Guanine deaminase: Significance, assay, identification of inhibitors, and evidence for redox regulation

T Shaw, DS Bowden. Victorian Infectious Diseases Reference Laboratory y, Victoria 3051, Australia

For nearly half a century, the enzyme guanine deaminase (GDA; EC 3.5.4.3), has been recognized as a critical component of the enzymatic machinery of purine homeostasis in both prokaryotes and eukaryotes. GDA (also known as guanase, cypin and nedasin), which has been exceptionally highly conserved during evolution, is a small, zinc-dependent homodimer that catalyses the irreversible hydrolytic deamination of guanine, producing ammonium ions and xanthine. Four GDA isoforms, resulting from alternative mRNA splicing, have been identified. GDA is the main regulator of the intracellular guanine nucleotide pool, which is the smallest and most critical of the nucleotide pools in many cell types. Besides serving as cofactors and nucleic acid precursors, guanine nucleotides are essential components of numerous signalling pathways; they also regulate cell motility and sub-cellular trafficking via direct and indirect interactions with cytoskeletal proteins. GDA expression is developmentally regulated in mammals, in which it appears to control the supply of deoxyguanosine for mitochondrial DNA synthesis. In adult humans GDA expression is restricted mainly to hepatocytes, primitive immune cells and specific components of the nervous system, with lesser activity in some renal cells. GDA plays vital, linked roles in hepatic purine homeostasis, neural development and innate and acquired immunity. GDA activity in body fluids is barely detectable by most assays and its detection in serum or cerebrospinal fluid (CSF) is regarded as sensitive indicator of tissue damage or neoplasia. Increased neural GDA expression has been associated with stress, psychoses and depression.

Although GDA is an attractive prospective drug target for treatment of both liver diseases and cognitive disorders, very few effective inhibitors and/or activators of GDA have been reported to date, partly because of technical difficulties associated with assaying GDA activity: the enzyme is subject to regulation by numerous factors including redox state, divalent metal cations, certain anions and endogenous nucleotides as well as being inhibited by its own substrate and products, so its kinetics are complex. Bothe guanine and xanthine are barely soluble in aqueous media, which is also problematic.

We have developed an ultrasensitive high-throughput fluorometricmicrotitre plate assay for GDA by using coupled enzyme reactions (xanthine oxidase, uricase and peroxidase) that ultimately generate hydrogen peroxide, which is detected by oxidation of 10-acetyl-3,7-dihydroxyphenoxazine (Amplex Red). The high emission of the fluorescent product resorufin permits increases in sensitivity of the order of more than 1000-fold relative to conventional spectrophotometric and colorimetric assays. GDA purified from rabbit liver (purchased from Sigma) or partly purified from human sera collected during acute phase hepatitis A infection were used as the enzyme source. The assay protocol was essentially as described by Fernandez et al., [1], except that fluorimetric rather than colorimetric detection was used.Microtitre plate assays were performed at 37 °C and pH 7.6 in phosphate buffered saline containing 20 mM dimethylsulfone to increase the solubility of guanine and xanthine.

We have used the assay to monitor serum GDA as an indicator of liver damage and repair during the course of viral hepatitis and as an indicator of response to antiviral chemotherapy for chronic hepatitis B and C. We have also it to identify potential inhibitors of GDA and/or xanthine oxidase.
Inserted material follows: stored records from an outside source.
Lemma lit_by_m_unless_shadowed q : N - 1 / 4 < fst q -> -5 / 4 < snd q < 5 / 4 ->
  ~ seg_meets n 0 (center n m) q -> lit_by n m q.
Proof.
  intros Hx Hy Hfree0.
  pose proof INR_n_ge_3 as HN. pose proof (mul_sin_PI_div_gt N HN) as HNS.
  pose proof (sin_PI_div_pos N HN) as HS.
  split.
  - rewrite (in_sector_iff n m q n_ge_3).
    rewrite angle_m.
    replace (PI - h + h) with PI by ring. replace (PI - h - h) with (PI - 2 * h) by ring.
    rewrite sin_PI, cos_PI, sin_PI_x, cos_minus, cos_PI, sin_PI.
    destruct (PI_div_bounds N HN) as [Hh _].
    assert (H2h : 0 <= sin (2 * h)) by (apply sin_ge_0; pose proof PI_RGT_0; lra).
    assert (0 <= fst q * sin (2 * h)) by (apply Rmult_le_pos; lra).
    pose proof (COS_bound (2 * h)) as Hc.
    assert (0 <= (5 / 4 - snd q) * (1 - cos (2 * h))) by (apply Rmult_le_pos; lra).
    assert (0 <= (5 / 4 + snd q) * (1 + cos (2 * h))) by (apply Rmult_le_pos; lra).
    split; lra.
  - intros j Hj Hjm Hseg.
    destruct (Nat.eq_dec j 0) as [->|Hj0]; [exact (Hfree0 Hseg)|].
    destruct (Nat.le_gt_cases j m) as [Hle | Hgt].
    +       assert (HN5 : 5 <= N) by (apply INR_n_ge_5; lia).
      pose proof (mul_sin_PI_div_twice_cos_gt N HN5).
      assert (Hj2 : N * sin (INR 2 * h) <= snd (center n j)) by (apply snd_center_ge; lia).
      replace (INR 2 * h) with (2 * h) in Hj2 by (cbn [INR]; ring). rewrite sin_2a in Hj2.
      apply (seg_meets_proj_le n j (center n m) q 0 1 (N * sin h)) in Hseg;
        rewrite ?center_m in *; cbn [fst snd] in *; nra.
    + assert (Hmj : N * sin (INR 1 * h) <= snd (center n (mirror n j)))
        by (apply snd_center_ge; destruct j; cbn [mirror]; lia).
      rewrite center_mirror in Hmj by lia. unfold reflect_axis in Hmj.
      cbn [snd INR] in Hmj. rewrite Rmult_1_l in Hmj.
      apply (seg_meets_proj_le n j (center n m) q 0 (-1) (5 / 4)) in Hseg;
        rewrite ?center_m in *; cbn [fst snd] in *; nra.
Qed.

Lemma not_dark_near_tangent_region : exists eps, eps > 0 /\
  forall q, outside_all n q -> ~ tangent_region n m q ->
    (exists p, tangent_region n m p /\ (fst q - fst p) ^ 2 + (snd q - snd p) ^ 2 < eps ^ 2) ->
    ~ dark n q.
Proof.
  exists (1 / 4). split; [lra|].
  intros q Hout Hnot [p [Hp Hclose]] [_ Hunlit].
  destruct (tangent_region_bounds p Hp) as [Hpx Hpy].
  pose proof (pow2_ge_0 (fst q - fst p)). pose proof (pow2_ge_0 (snd q - snd p)).
  assert (Hx : N - 1 / 4 < fst q) by nra.
  assert (Hy : -5 / 4 < snd q < 5 / 4) by (split; nra).
  destruct (classic (seg_meets n 0 (center n m) q)) as [Hm0 | Hm0].
  - assert (Hm1 : ~ seg_meets n 0 (center n (m + 1)) q)
      by (intros Hm1; exact (Hnot (conj Hout (conj Hm0 Hm1)))).
    apply (Hunlit (m + 1)%nat); [lia|].
    rewrite <- mirror_m, <- (reflect_axis_involutive q).
    apply lit_by_mirror; [lia|].
    apply lit_by_m_unless_shadowed; cbn [reflect_axis fst snd]; [lra | lra |].
    rewrite <- (seg_meets_mirror n 0), reflect_axis_involutive, <- center_m_plus_1 by lia.
    exact Hm1.
  - exact (Hunlit m ltac:(lia) (lit_by_m_unless_shadowed q Hx Hy Hm0)).
Qed.

End OddConfiguration.

Theorem mainTheorem2 (n m : nat) (Hn : n = (2 * m + 1)%nat) (Hm : (1 <= m)%nat) :
  (* the region is nonempty and finite (bounded) *)
  (exists q, tangent_region n m q) /\
  (exists B, forall q, tangent_region n m q -> fst q ^ 2 + snd q ^ 2 <= B) /\
  (* every point of the region is dark *)
  (forall q, tangent_region n m q -> dark n q) /\
  (* the region is exactly the dark region there: all points outside the
     disks, near the region but not in it, are lit (so no other lighthouse
     contributes to its boundary) *)
  (exists eps, eps > 0 /\
     forall q, outside_all n q -> ~ tangent_region n m q ->
       (exists p, tangent_region n m p /\
          (fst q - fst p) ^ 2 + (snd q - snd p) ^ 2 < eps ^ 2) ->
       ~ dark n q).
Proof.
  split; [exact (ex_intro _ _ (tangent_region_witness n m Hn Hm))|].
  split; [exact (tangent_region_bounded n m Hn Hm)|].
  split; [exact (tangent_region_dark n m Hn Hm)|].
  exact (not_dark_near_tangent_region n m Hn Hm).
Qed.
Activities of GDA inhibitors identified by the fluorometric assay were confirmed using spectrophotometric assays in which guanine hydrolysis was monitored by decreases in absorbance at 245nm.

Besides the purine derivatives already reported by Fernández and colleaugues [1], we identified additional inhibitors with Kis in the micromolar range, the more potent of which included 8-hydroxyguanine (8-OH-G), a major product of oxidative damage to DNA and RNA. Its inhibitory activity against human serum GDA was comparable to that of the reference inhibitor 5-Aminoimidazole-4-carboxamide (Ki~3 microM) The enzyme Km for guanine in this assay was 6.0 +/- 0.1 microM, whilst 8-OH-G and some related purine derivatives had Kis < 5 microM.
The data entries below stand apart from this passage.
Lemma sa_A_triple a b : A a -> A b -> A (a * b * a).
Proof.
move=> Aa Ab; apply: sa_A_half.
have -> : (a * b * a) *+ 2 =
    (a * b + b * a) * a + a * (a * b + b * a) - (a * a * b + b * (a * a)).
  by rewrite mulr2n; ring_expand; abel.
by apply: sa_AB; apply: sa_A_jordan => //; [apply: sa_A_jordan | apply: sa_A_sqr].
Qed.

Lemma sa_sqr_eq0 y : A y -> y * y = 0 -> y = 0.
Proof.
move=> Ay yy; have [y0 _] : y * 1 = 0 /\ 1 * y = 0.
  by apply: sa_SA4 Ay sa_pos1 _; rewrite mulr1.
by rewrite -y0 mulr1.
Qed.

Lemma sa_pos_mulC a b : pos a -> pos b -> a * b = b * a -> pos (a * b).
Proof.
move=> pa pb ab; have [r [pr [rC rr]]] := sa_SA5 pa.
have rb : r * b = b * r := rC b (sa_posA pb) ab.
by rewrite -rr -mulrA rb mulrA; apply: sa_SA3.
Qed.

(* The difference z of two square roots satisfies z (b1 + b2) = 0, so z^2 b1 and
   z^2 b2 are positive with sum 0; hence z^3 = 0 and z = 0. *)
Lemma sa_pos_sqrt_unique a b1 b2 : pos b1 -> pos b2 -> b1 * b1 = a -> b2 * b2 = a ->
  (forall d, A d -> a * d = d * a -> b1 * d = d * b1) -> b1 = b2.
Proof.
move=> pb1 pb2 b11 b22 b1C.
have Ab1 := sa_posA pb1; have Ab2 := sa_posA pb2.
have b12 : b1 * b2 = b2 * b1 by apply: b1C => //; rewrite -b22 mulrA.
pose z := b1 - b2; have Az : A z := sa_AB Ab1 Ab2.
have zb1 : z * b1 = b1 * z by rewrite /z mulrBl mulrBr b12.
have zb2 : z * b2 = b2 * z by rewrite /z mulrBl mulrBr b12.
have z_sum : z * (b1 + b2) = 0 by rewrite /z mulrBl !mulrDr b11 b22 b12; abel.
pose w := z * z; have pw : pos w := sa_SA2 Az.
have wb1 : w * b1 = b1 * w by rewrite /w -mulrA zb1 !mulrA zb1.
have wb2 : w * b2 = b2 * w by rewrite /w -mulrA zb2 !mulrA zb2.
have w_sum : w * b1 + w * b2 = 0 by rewrite -mulrDr /w -mulrA z_sum mulr0.
have wb1_0 : w * b1 = 0.
  apply: sa_pos_antisym (sa_pos_mulC pw pb1 wb1) _.
  have -> : - (w * b1) = w * b2 by apply/eqP; rewrite eq_sym -subr_eq0 opprK addrC w_sum.
  exact: sa_pos_mulC.
have wb2_0 : w * b2 = 0 by move: w_sum; rewrite wb1_0 add0r.
have wz : w * z = 0 by rewrite /z mulrBr wb1_0 wb2_0 subr0.
have w0 : w = 0 by apply: sa_sqr_eq0 (sa_A_sqr Az) _; rewrite mulrA wz mul0r.
by apply/eqP; rewrite -subr_eq0; apply/eqP/sa_sqr_eq0.
Qed.

Lemma ssqrt_spec a : pos a -> pos (ssqrt S a) /\ ssqrt S a * ssqrt S a = a.
Proof.
move=> pa; apply: (@epsilon_spec E (inhabits 0) (fun b => pos b /\ b * b = a)).
by have [b [pb [_ bb]]] := sa_SA5 pa; exists b.
Qed.

Lemma ssqrt_CC a : pos a -> forall d, A d -> a * d = d * a ->
  ssqrt S a * d = d * ssqrt S a.
Proof.
move=> pa; have [b [pb [bC bb]]] := sa_SA5 pa; have [pr rr] := ssqrt_spec pa.
by rewrite -(sa_pos_sqrt_unique pb pr bb rr bC).
Qed.

Lemma ssqrt_sqr b : pos b -> ssqrt S (b * b) = b.
Proof.
move=> pb; have pbb : pos (b * b) := sa_SA2 (sa_posA pb).
have [r [pr [rC rr]]] := sa_SA5 pbb; have [ps ss] := ssqrt_spec pbb.
by rewrite -(sa_pos_sqrt_unique pr ps rr ss rC) (sa_pos_sqrt_unique pr pb rr (erefl _) rC).
Qed.

Lemma commute_of_sqr_pos b x : pos b -> A x -> b * b * x = x * (b * b) ->
  b * x = x * b.
Proof.
by move=> pb Ax bbx; rewrite -(ssqrt_sqr pb); apply: ssqrt_CC => //; apply/sa_SA2/sa_posA.
Qed.

Definition ann_trivial (a : E) := forall x, A x -> a * x = 0 -> x = 0.

Lemma ann_trivial_mulr a b : ann_trivial (a * b) -> ann_trivial b.
Proof. by move=> ab x Ax bx; apply: ab Ax _; rewrite -mulrA bx mulr0. Qed.

Lemma ann_trivial_mul a b : A b -> ann_trivial a -> ann_trivial b -> ann_trivial (a * b).
Proof.
move=> Ab a0 b0 y Ay aby; have pyy : pos (y * y) := sa_SA2 Ay.
have byyb : b * (y * y) * b = 0.
  apply: a0; first exact: sa_A_triple Ab (sa_posA pyy).
  by rewrite !mulrA aby !mul0r.
have [byy _] := sa_SA4 Ab pyy byyb.
exact: sa_sqr_eq0 Ay (b0 _ (sa_posA pyy) byy).
Qed.

Lemma ann_trivial_sqr a : A a -> ann_trivial a -> ann_trivial (a * a).
Proof.
move=> Aa a0 x Ax aax; have pxx : pos (x * x) := sa_SA2 Ax.
have axxa : a * (x * x) * a = 0.
  apply: sa_sqr_eq0; first exact: sa_A_triple Aa (sa_posA pxx).
  have -> : a * (x * x) * a * (a * (x * x) * a) = a * (x * x) * (a * a * x) * x * a.
    by rewrite !mulrA.
  by rewrite aax mulr0 !mul0r.
have [axx _] := sa_SA4 Aa pxx axxa.
exact: sa_sqr_eq0 Ax (a0 _ (sa_posA pxx) axx).
Qed.

Lemma carrier_spec a : A a ->
  is_proj S (carrier S a) /\ forall b, A b -> (a * b = 0 <-> carrier S a * b = 0).
Proof.
move=> Aa; apply: (@epsilon_spec E (inhabits 0)
  (fun r => is_proj S r /\ forall b, inA S b -> (a * b = 0 <-> r * b = 0))).
by have [r [Ar [rr ar]]] := sa_SA6 Aa; exists r.
Qed.

Lemma mulr_carrier a : A a -> a * carrier S a = a.
Proof.
move=> Aa; have [[Ar rr] ar] := carrier_spec Aa.
have : a * (1 - carrier S a) = 0.
  by apply/(ar _ (sa_AB (sa_A1 S) Ar)); rewrite mulrBr mulr1 rr subrr.
by rewrite mulrBr mulr1 => /subr0_eq.
Qed.

Lemma carrier_eq1 a : A a -> ann_trivial a -> carrier S a = 1.
Proof.
move=> Aa a0; have [[Ar _] _] := carrier_spec Aa.
apply/esym/subr0_eq/a0; first exact: sa_AB (sa_A1 S) Ar.
by rewrite mulrBr mulr1 mulr_carrier // subrr.
Qed.

Lemma carrier_CC a x : A a -> A x -> a * x = x * a -> carrier S a * x = x * carrier S a.
Proof.
move=> Aa Ax ax; have [[Ar rr] ar] := carrier_spec Aa.
set r := carrier S a in Ar rr ar *.
have Ar' : A (1 - r) := sa_AB (sa_A1 S) Ar.
have a_r' : a * (1 - r) = 0 by rewrite mulrBr mulr1 mulr_carrier // subrr.
have r_r' : r * (1 - r) = 0 by rewrite mulrBr mulr1 rr subrr.
have rxr' : r * x * (1 - r) = 0.
  have : a * (x * (1 - r) + (1 - r) * x) = 0.
    by rewrite mulrDr !mulrA ax -(mulrA x) a_r' mulr0 mul0r addr0.
  by move/(ar _ (sa_A_jordan Ax Ar')); rewrite mulrDr !mulrA r_r' mul0r addr0.
have r'xr : (1 - r) * x * r = 0.
  pose z := r * x * (1 - r) + (1 - r) * x * r.
  have Az : A z.
    have -> : z = (r * x + x * r) - (r * x * r) *+ 2.
      by rewrite /z mulr2n; ring_expand; abel.
    apply: sa_AB (sa_A_jordan Ar Ax) _.
    by rewrite mulr2n; apply: sa_AD; apply: sa_A_triple.
  have : z = 0.
    apply: sa_sqr_eq0 Az _; rewrite /z rxr' add0r.
    by rewrite -(mulrA _ x r) -!mulrA (mulrA r) r_r' mul0r !mulr0.
  by rewrite /z rxr' add0r.
move/eqP: rxr'; rewrite mulrBr mulr1 subr_eq0 => /eqP ->.
by move/eqP: r'xr; rewrite !mulrBl mul1r subr_eq0 => /eqP ->.
Qed.

Lemma perpK (p : E) : perp (perp p) = p.
Proof. exact: subKr. Qed.

Lemma perp_proj p : is_proj S p -> is_proj S (perp p).
Proof.
move=> [Ap pp]; split; first exact: sa_AB (sa_A1 S) Ap.
by rewrite /perp mulrBl mul1r mulrBr mulr1 pp subrr subr0.
Qed.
Together with existing data, these observations suggest a further level of complexity in the function of GDA as a regulator of guanine nucleotide signalling and further emphasize its biological significance. The presence of probable binding sites for Sp1 and NF-kappaB in the promoter region of the GDA gene, together with circumstantial evidence from clinical observations, implies that transcription and expression of GDA is regulated by redox stress: our results suggest that 8-hydroxyguanine and 8-hydroxy-2’-deoxyguanosine may regulate the activity of the GDA in vivo.

Reference[1] Fernández, J.R.et al. Bioorg Med Chem. 2010; 18:6748-6755.